= Alexandra Braun (legal scholar) =

Italian legal scholar

Alexandra Braun is an Italian legal scholar based at the University of Edinburgh, where she is Lord President Reid Professor of Law at Edinburgh Law School. She was previously Professor of Comparative Private Law at the University of Oxford.

== Biography ==
Braun graduated from the University of Genoa with a Bachelor of Arts degree and was subsequently awarded a Master of Law degree at the same place. She then completed a doctorate in comparative private law at the University of Trento. She was a supernumerary teaching fellow and Junior Research Fellow at St John's College, Oxford, before taking up a post in 2010 as Fellow at Lady Margaret Hall and a Research Fellow at the University of Oxford's Institute of European and Comparative Law, where she was the deputy director from 2014 to 2017. In 2016, the University of Oxford awarded her the title of Professor of Comparative Private Law.

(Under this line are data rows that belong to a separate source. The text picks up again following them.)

Lemma block_cover_step d w : block_cover d w -> exists w', block_cover d.+1 w'.
Proof.
move=> [wT w_ge w_L]; set J := m + d; have mJ : m <= J := leq_addr d m.
case: (boolP [exists z, [&& B (sigma z) == i, sigma z == J.+1 & z \notin leaves w]]);
  last first.
  move=> /existsPn none; exists w; split => // x Bx; rewrite addnS leq_eqVlt ltnS.
  case/orP=> [/eqP xJ|]; last exact: w_L.
  by move: (none x); rewrite Bx xJ !eqxx /= negbK.
case/existsP => z /and3P[/eqP Bz /eqP zJ zw].
have [N [A [C [v [NT NAC EA EC [y yv [By yJ v_node]]]]]]] := next_leaf_sibling mJ Bz zJ.
set P := fun x => sigma x <= J.+1 in EA EC.
have leavesN q : q \in leaves N = (q \in leaves A) || (q \in leaves C).
  by case: NAC => -> /=; rewrite mem_cat // orbC.
have AT : is_subtree A T.
  by apply: subtree_trans NT; case: NAC => ->; right; [left|right]; apply: subtree_refl.
have C_ge q : q \in leaves C -> m <= sigma q.
  move=> qC; case: (leqP (sigma q) J.+1) => [Pq|/ltnW]; last exact/leq_trans/leqW.
  have : q \in leaves (Leaf z) by rewrite (restrict_leaves EC) mem_filter /P Pq.
  by rewrite inE => /eqP ->; rewrite zJ leqW.
have zC : z \in leaves C.
  have : z \in leaves (Leaf z) by rewrite inE.
  by rewrite (restrict_leaves EC) mem_filter => /andP[].
have /andP[Py yA] : P y && (y \in leaves A) by rewrite -mem_filter -(restrict_leaves EA).
have yw : y \in leaves w by exact: w_L By yJ.
have [xm xmm] := ordering_onto sigma_inj sigma_lt m_lt.
have xmw : xm \in leaves w by apply: w_L; rewrite xmm ?block_m ?leq_addr.
have Pxm : P xm by rewrite /P xmm leqW.
have xm_node v1 v2 : v = Node v1 v2 ->
    sigma xm < sigma y /\ sigma y = maxn (mu sigma v1) (mu sigma v2).
  by rewrite xmm; apply: v_node.
have v_w := restrict_leaves_sub sigma_inj uniq_T wT AT EA xmw yw Pxm yv xm_node.
have A_ge q : q \in leaves A -> m <= sigma q.
  move=> qA; rewrite leqNgt; apply/negP => qm.
  have : q \in leaves v.
    by rewrite (restrict_leaves EA) mem_filter qA andbT /P leqW // (leq_trans (ltnW qm)).
  by move/v_w/w_ge; rewrite leqNgt qm.
have wN : is_subtree w N.
  have yN : y \in leaves N by rewrite leavesN yA.
  have [//|Nw] := subtree_nested uniq_T wT NT yw yN.
  by move: zw; rewrite (subtree_leaves Nw) // leavesN zC orbT.
exists N; split => // [q|x' Bx'].
  by rewrite leavesN => /orP[/A_ge|/C_ge].
rewrite addnS leq_eqVlt ltnS => /orP[/eqP x'J|/(w_L _ Bx')/(subtree_leaves wN) //].
by rewrite (sigma_inj (etrans x'J (esym zJ))) leavesN zC orbT.
Qed.

Lemma block_cover_exists d : exists w, block_cover d w.
Proof. by elim: d => [|d [w /block_cover_step]] //; exact: block_cover0. Qed.

Lemma top_subtree_ge u : top_subtree T (Lset sigma Ts i) u ->
  forall x, x \in leaves u -> m <= sigma x.
Proof.
rewrite /top_subtree /= (negbTE (lt0n_neq0 i_gt0)) => -[uT u_L u_min].
have [w [wT w_ge w_L]] := block_cover_exists n.
have w_L' x : B (sigma x) = i -> x \in leaves w.
  by move=> Bx; apply: w_L Bx _; rewrite ltnW // ltn_addl.
suff uw : is_subtree u w by move=> x /(subtree_leaves uw) /w_ge.
have [xm xmm] := ordering_onto sigma_inj sigma_lt m_lt.
have Bxm : B (sigma xm) = i by rewrite xmm block_m.
have xmu : xm \in leaves u by apply: u_L; rewrite /= Bxm.
have [//|] := subtree_nested uniq_T uT wT xmu (w_L' _ Bxm).
case: u u_min {uT u_L xmu} => [y _ [<-|[]]|a b [Na Nb] [<-|[wa|wb]]];
  try exact: subtree_refl; exfalso.
- by apply: Na => x /eqP /w_L' /(subtree_leaves wa).
- by apply: Nb => x /eqP /w_L' /(subtree_leaves wb).
Qed.

End Cover.

End FixedBlock.

Theorem lemma4 (X : finType) (sigma : X -> nat) (Ts : seq (btree X)) :
  leaf_ordering sigma ->
  uniq Ts -> 2 <= size Ts -> (forall T, T \in Ts -> tree_over T) ->
  forall T, T \in Ts ->
  forall i, i <= kM sigma Ts ->
  forall u, top_subtree T (Lset sigma Ts i) u ->
  forall x, x \in leaves u -> mm sigma Ts i <= sigma x.
Proof.
move=> [sigma_inj sigma_lt] _ _ T_over T T_in i i_le u.
case: (posnP i) => [-> // | i_gt0].
exact: (top_subtree_ge sigma_inj sigma_lt i_gt0 i_le T_in (T_over T T_in)).
Qed.
(* Let $(G_n)$ be a sequence of finite graphs with $v_n:=|V(G_n)|$. Let $W_n\subset V(G_n)$ satisfy $\lim_n |W_n|/v_n=0$. For $R>0$ and $t>0$ let $$s_n(R,t):=\bigl|\{x\in V(G_n): |V_R(x)|>t\}\bigr| \quad\text{and}\quad w_n(R):=\bigl|\{x\in V(G_n): V_R(x)\cap W_n\neq\emptyset\}\bigr|,$$ where $V_R(x)$ is the vertex set of the ball of radius $R$ about $x$ in $G_n$ (graph distance). If for each $R>0$ we have $\lim_{t\to\infty}\limsup_{n\to\infty}s_n(R,t)/v_n=0$, then for each $R>0$ we have $\lim_{n\to\infty}w_n(R)/v_n=0$. *)

From HB Require Import structures.
From mathcomp Require Import all_boot all_order all_algebra.
From mathcomp Require Import all_classical all_reals all_analysis.
Set Implicit Arguments. Unset Strict Implicit. Unset Printing Implicit Defensive.
Import Order.TTheory GRing.Theory Num.Theory.

(* V_R(x): vertices at graph distance <= R from x, i.e. reachable from x by an
   e-path with at most R edges. *)
Definition ball (V : finType) (e : rel V) (R : nat) (x : V) : {set V} :=
  [set y | `[< exists p : seq V, [/\ path e x p, last x p = y & (size p <= R)%N] >] ].

Definition s_count (R : realType) (V : finType) (e : rel V) (r : nat) (t : R) : nat :=
  #|[set x : V | (#|ball e r x|%:R > t)%R]|.

Definition w_count (V : finType) (e : rel V) (W : {set V}) (r : nat) : nat :=
  #|[set x : V | ~~ [disjoint ball e r x & W]]|.

From Pilot Require Import Defs.
From HB Require Import structures.
From mathcomp Require Import all_boot all_order all_algebra.
From mathcomp Require Import all_classical all_reals all_analysis.
Import Order.TTheory GRing.Theory Num.Theory.
Import numFieldNormedType.Exports.
Local Open Scope ring_scope.

(* If the r-ball of x meets W at y, then either the 2r-ball of x is large
   (x is counted by s(2r, t)), or the r-ball of y, which sits inside the
   2r-ball of x, is small; in the latter case x lies in one of the r-balls of
   size at most t centred in W, and these cover at most t |W| vertices.
   Hence w(r) <= s(2r, t) + t |W| for every t >= 0; dividing by |V| and
   letting first n and then t grow gives the theorem. *)

Lemma leq_card_bigcup (I T : finType) (P : pred I) (A : I -> {set T}) :
  (#|\bigcup_(i | P i) A i| <= \sum_(i | P i) #|A i|)%N.
Proof.
elim/big_rec2: _ => [|i n B _ IH]; first by rewrite cards0.
by rewrite cardsU (leq_trans (leq_subr _ _)) ?leq_add.
Qed.

Section Balls.
Variables (V : finType) (e : rel V).

Lemma ball_triangle r1 r2 x y z :
  y \in Defs.ball e r1 x -> z \in Defs.ball e r2 y -> z \in Defs.ball e (r1 + r2) x.
Proof.
rewrite !inE => -[p [ep <- sp]] [q [eq <- sq]].
by exists (p ++ q); rewrite cat_path ep eq last_cat size_cat leq_add.
Qed.

Lemma ball_subset r1 r2 x y :
  y \in Defs.ball e r1 x -> Defs.ball e r2 y \subset Defs.ball e (r1 + r2) x.
Proof. by move=> yx; apply/fintype.subsetP => z; apply: ball_triangle. Qed.

Hypothesis esym : symmetric e.

Lemma ball_sym r x y : (y \in Defs.ball e r x) = (x \in Defs.ball e r y).
Proof.
suff ball_symW a b : a \in Defs.ball e r b -> b \in Defs.ball e r a.
  by apply/idP/idP; apply: ball_symW.
rewrite !inE => -[p [ep <- sp]]; exists (rev (belast b p)); split.
- by rewrite rev_path (eq_path (e' := e)) // => u v; rewrite /= esym.
- by case: p {ep sp} => [|c p] //=; rewrite rev_cons last_rcons.
- by rewrite size_rev size_belast.
Qed.

Lemma meets_ball_subset {R : realDomainType} (W : {set V}) r (t : R) :
  [set x | ~~ [disjoint Defs.ball e r x & W]] \subset
  [set x | t < #|Defs.ball e (r + r) x|%:R] :|:
  \bigcup_(y | (y \in W) && (#|Defs.ball e r y|%:R <= t)) Defs.ball e r y.
Proof.
apply/fintype.subsetP => x; rewrite !inE => /pred0Pn[y /andP[yx yW]].
have [//|small_2r] := ltrP t #|Defs.ball e (r + r) x|%:R.
apply/finset.bigcupP; exists y; last by rewrite -ball_sym.
apply/andP; split=> //; rewrite (le_trans _ small_2r) // ler_nat.
exact/subset_leq_card/ball_subset.
Qed.

Lemma w_count_le (R : realType) (W : {set V}) r (t : R) : 0 <= t ->
  (w_count e W r)%:R <= (s_count e (r + r) t)%:R + t * #|W|%:R.
Proof.
move=> t0; set small := fun y => (y \in W) && (#|Defs.ball e r y|%:R <= t).
apply: (le_trans (y := (s_count e (r + r) t
  + \sum_(y | small y) #|Defs.ball e r y|)%:R)).
  rewrite ler_nat (leq_trans (subset_leq_card (meets_ball_subset W r t))) //.
  by rewrite (leq_trans (leq_card_setU _ _)) // leq_add2l leq_card_bigcup.
rewrite natrD lerD2l natr_sum (le_trans (y := \sum_(y | small y) t)) //.
  by apply: ler_sum => y /andP[].
rewrite sumr_const -[t *+ _]mulr_natr ler_wpM2l // ler_nat.
by apply/subset_leq_card/fintype.subsetP => y; rewrite unfold_in => /andP[].
Qed.

End Balls.

Local Open Scope classical_set_scope.

Lemma limf_esup_lt_near (T : choiceType) (X : filteredType T) (R : realType)
    (f : X -> \bar R) (F : set_system X) {FF : Filter F} (x : \bar R) :
  (limf_esup f F < x)%E -> F [set y | (f y < x)%E].
Proof.
move=> /ereal_inf_lt[_ [A FA <-] supA]; apply: filterS FA => y Ay.
by apply: le_lt_trans supA; apply: ereal_sup_ubound; exists y.
Qed.

Lemma cvg0_limn_esup_dominated (R : realType) (u a : R^nat) (s : R -> R^nat) :
  (forall n, 0 <= u n) ->
  (forall t n, 0 <= t -> u n <= s t n + t * a n) ->
  a @ \oo --> 0 ->
  (fun t => limn_esup (fun n => (s t n)%:E)) @ +oo --> 0%E ->
  u @ \oo --> 0.
Proof.
move=> u0 us a0 s0; apply/cvgrPdist_lt => eps eps0.
have eps2 : 0 < eps / 2 by rewrite divr_gt0.
have [sfin /cvgr_lt sfine] := (fine_cvgP _ _).1 s0.
have [t [[tfin tlt] t0]] := filter_ex
  (filterI (filterI sfin (sfine _ eps2)) (nbhs_pinfty_ge (real0 R))).
have /limf_esup_lt_near st : (limn_esup (fun n => (s t n)%:E) < (eps / 2)%:E)%E.
  by rewrite -(fineK tfin) lte_fin.
have /cvgr_lt ta : (fun n => t * a n) @ \oo --> 0.
  by rewrite -(mulr0 t); apply: cvgMl_tmp.
near=> n; rewrite sub0r normrN ger0_norm // (le_lt_trans (us t n t0)) //.
rewrite [eps]splitr ltrD //; last by near: n; apply: ta.
by rewrite -lte_fin; near: n.
Unshelve. all: by end_near.
Qed.

Theorem lemma3p12 (R : realType) (V : nat -> finType) (e : forall n, rel (V n))
  (esym : forall n, symmetric (e n))
  (W : forall n, {set V n})
  (hW : (fun n => (#|W n|%:R / #|V n|%:R : R)) @ \oo --> 0)
  (hs : forall r : nat, (0 < r)%N ->
     (fun t : R =>
        limn_esup (fun n => (((s_count (e n) r t)%:R / #|V n|%:R : R))%:E))
       @ +oo%R --> 0%E) :
  forall r : nat, (0 < r)%N ->
    (fun n => ((w_count (e n) (W n) r)%:R / #|V n|%:R : R)) @ \oo --> 0.
Proof.
move=> r r0.
pose s (t : R) n := ((s_count (e n) (r + r) t)%:R / #|V n|%:R : R).
apply: (@cvg0_limn_esup_dominated R _ _ s _ _ hW (hs _ (ltn_addl r r0))).
  by move=> n; rewrite divr_ge0.
move=> t n t0; rewrite /s mulrA -mulrDl ler_wpM2r ?invr_ge0 //.
exact: w_count_le.
Qed.
(* Elements X of R^{(p+s) x p} with s = p + 2r, written in blocks of
   p, p, r, r rows:  X = (X0; X1; X2; X3). *)
Definition blk0 p r (X : 'M[R]_(p + p + r + r, p)) : 'M[R]_(p, p) :=
  usubmx (usubmx (usubmx X)).
Definition blk1 p r (X : 'M[R]_(p + p + r + r, p)) : 'M[R]_(p, p) :=
  dsubmx (usubmx (usubmx X)).
Definition blk2 p r (X : 'M[R]_(p + p + r + r, p)) : 'M[R]_(r, p) :=
  dsubmx (usubmx X).
Definition blk3 p r (X : 'M[R]_(p + p + r + r, p)) : 'M[R]_(r, p) :=
  dsubmx X.

Definition cplx m n (A B : 'M[R]_(m, n)) : 'M[R[i]]_(m, n) :=
  \matrix_(a, b) (A a b +i* B a b)%C.

Definition conjmx m n (A : 'M[R[i]]_(m, n)) : 'M[R[i]]_(m, n) :=
  map_mx (@conjc R) A.

Definition Zof p r (X : 'M[R]_(p + p + r + r, p)) := cplx (blk0 X) (blk1 X).
Definition Wof p r (X : 'M[R]_(p + p + r + r, p)) := cplx (blk2 X) (blk3 X).

Definition inU m p (X : 'M[R]_(m, p)) : Prop := (X^T *m X) \in unitmx.

Definition inV p r (X : 'M[R]_(p + p + r + r, p)) : Prop :=
  inU X /\ \det (Zof X) != 0.

Lemma droplast_le p r : (p + p + r + r.-1 <= p + p + r + r)%N.
Proof. by rewrite leq_add2l leq_pred. Qed.

Definition droplast p r (X : 'M[R]_(p + p + r + r, p))
  : 'M[R]_(p + p + r + r.-1, p) :=
  \matrix_(a, b) X (widen_ord (@droplast_le p r) a) b.

Definition inV' p r (Y : 'M[R]_(p + p + r + r.-1, p)) : Prop :=
  exists X : 'M[R]_(p + p + r + r, p), inV X /\ droplast X = Y.

Definition skew_cplx r (M : 'M[R[i]]_r) : Prop := M^T = - M.

(* S = (I_{r-1} | m),  m = (m_{1r}, ..., m_{r-1,r})^t *)
Definition Smx r (M : 'M[R[i]]_r) : 'M[R[i]]_(r.-1, r) :=
  \matrix_(a, b)
    (if nat_of_ord b == nat_of_ord a then 1
     else if nat_of_ord b == r.-1 then M (widen_ord (leq_pred r) a) b
     else 0).

Definition hatPhi p r (M : 'M[R[i]]_r) (X : 'M[R]_(p + p + r + r, p))
  : 'M[R[i]]_(r.-1, p) :=
  Smx M *m (Wof X + M *m conjmx (Wof X)) *m invmx (Zof X).

Definition rpartial n p (a : 'I_n) (b : 'I_p) (F : 'M[R]_(n, p) -> R)
  : 'M[R]_(n, p) -> R :=
  fun Y => derive F Y (delta_mx a b).

(* complex-valued functions: derivatives extended complex-linearly *)
Definition cRe n p (f : 'M[R]_(n, p) -> R[i]) : 'M[R]_(n, p) -> R :=
  fun Y => complex.Re (f Y).
Definition cIm n p (f : 'M[R]_(n, p) -> R[i]) : 'M[R]_(n, p) -> R :=
  fun Y => complex.Im (f Y).

Definition cpartial n p (a : 'I_n) (b : 'I_p) (f : 'M[R]_(n, p) -> R[i])
  : 'M[R]_(n, p) -> R[i] :=
  fun Y => (rpartial a b (cRe f) Y +i* rpartial a b (cIm f) Y)%C.

Definition C2_at n p (f : 'M[R]_(n, p) -> R[i]) (Y : 'M[R]_(n, p)) : Prop :=
  forall (a : 'I_n) (b : 'I_p),
    [/\ derivable (cRe f) Y (delta_mx a b), derivable (cIm f) Y (delta_mx a b),
        derivable (rpartial a b (cRe f)) Y (delta_mx a b) &
        derivable (rpartial a b (cIm f)) Y (delta_mx a b)].

Definition tau n p (f : 'M[R]_(n, p) -> R[i]) (Y : 'M[R]_(n, p)) : R[i] :=
  \sum_(a < n) \sum_(b < p) cpartial a b (cpartial a b f) Y.

Definition kappa n p (f g : 'M[R]_(n, p) -> R[i]) (Y : 'M[R]_(n, p)) : R[i] :=
  \sum_(a < n) \sum_(b < p) cpartial a b f Y * cpartial a b g Y.

Definition orthogonal_harmonic_family n p (I : Type)
  (Omega : I -> 'M[R]_(n, p) -> R[i]) (D : 'M[R]_(n, p) -> Prop) : Prop :=
  forall Y, D Y ->
    (forall i, C2_at (Omega i) Y /\ tau (Omega i) Y = 0) /\
    (forall i j, kappa (Omega i) (Omega j) Y = 0).

Definition GL_invariant n p (f : 'M[R]_(n, p) -> R[i])
  (D : 'M[R]_(n, p) -> Prop) : Prop :=
  forall Y (g : 'M[R]_p), D Y -> g \in unitmx -> f (Y *m g) = f Y.

End Defs.

(* Phi can be computed explicitly along every coordinate line t |-> Y + t E
   of V*_{p,s-1}.  When E moves W, Phi is affine in t, since
   S (W + M conj W) = (S + S M) X2 + i (S - S M) X3.  When E moves Z by
   c [delta_mx a b] with c = 1 or c = i, the Sherman--Morrison formula makes
   Phi a Moebius function of t, whose second derivative at 0 is proportional
   to c^2.  Hence the second derivatives cancel pairwise or vanish (tau = 0),
   and so do the Z-contributions to kappa; the W-contributions add up to
   entries of (S + S M)(S + S M)^T - (S - S M)(S - S M)^T = 2 S (M + M^T) S^T,
   which is 0 for M skew.  The last column of S - S M vanishes because
   m_rr = 0: this is why the deleted row of X3 is invisible, both to
   hatPhi and in the sum defining kappa.  Right multiplication by g in GL_p
   multiplies Z and W on the right by g, which cancels in W Z^-1. *)

From Pilot Require Import Defs.
From HB Require Import structures.
From mathcomp Require Import all_boot all_order all_algebra.
From mathcomp Require Import all_classical all_reals all_analysis.
From mathcomp Require Import complex.
From mathcomp Require Import ring zify.

Set Implicit Arguments.
Unset Strict Implicit.
Unset Printing Implicit Defensive.
Import Order.TTheory GRing.Theory Num.Theory.
Import numFieldNormedType.Exports.
Local Open Scope ring_scope.
Local Open Scope complex_scope.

In August 2017, Braun became the Lord President Reid Professor of Law at Edinburgh Law School, University of Edinburgh).

== Works ==
Her published works include:

- (edited with A. Röthel), Passing Wealth on Death: Will-Substitutes in Comparative Perspective (Oxford: Hart Publishing, 2016).
- Giudici e Accademia nell'Esperienza Inglese (Mulino, 2006).
- (edited with M. Dogliotti), Il Trust nel Diritto delle Persone e della Famiglia (Milan: Giuffré, 2003).
- Dalla Disgrazia al Danno (Giuffre Editore Milano, 2002).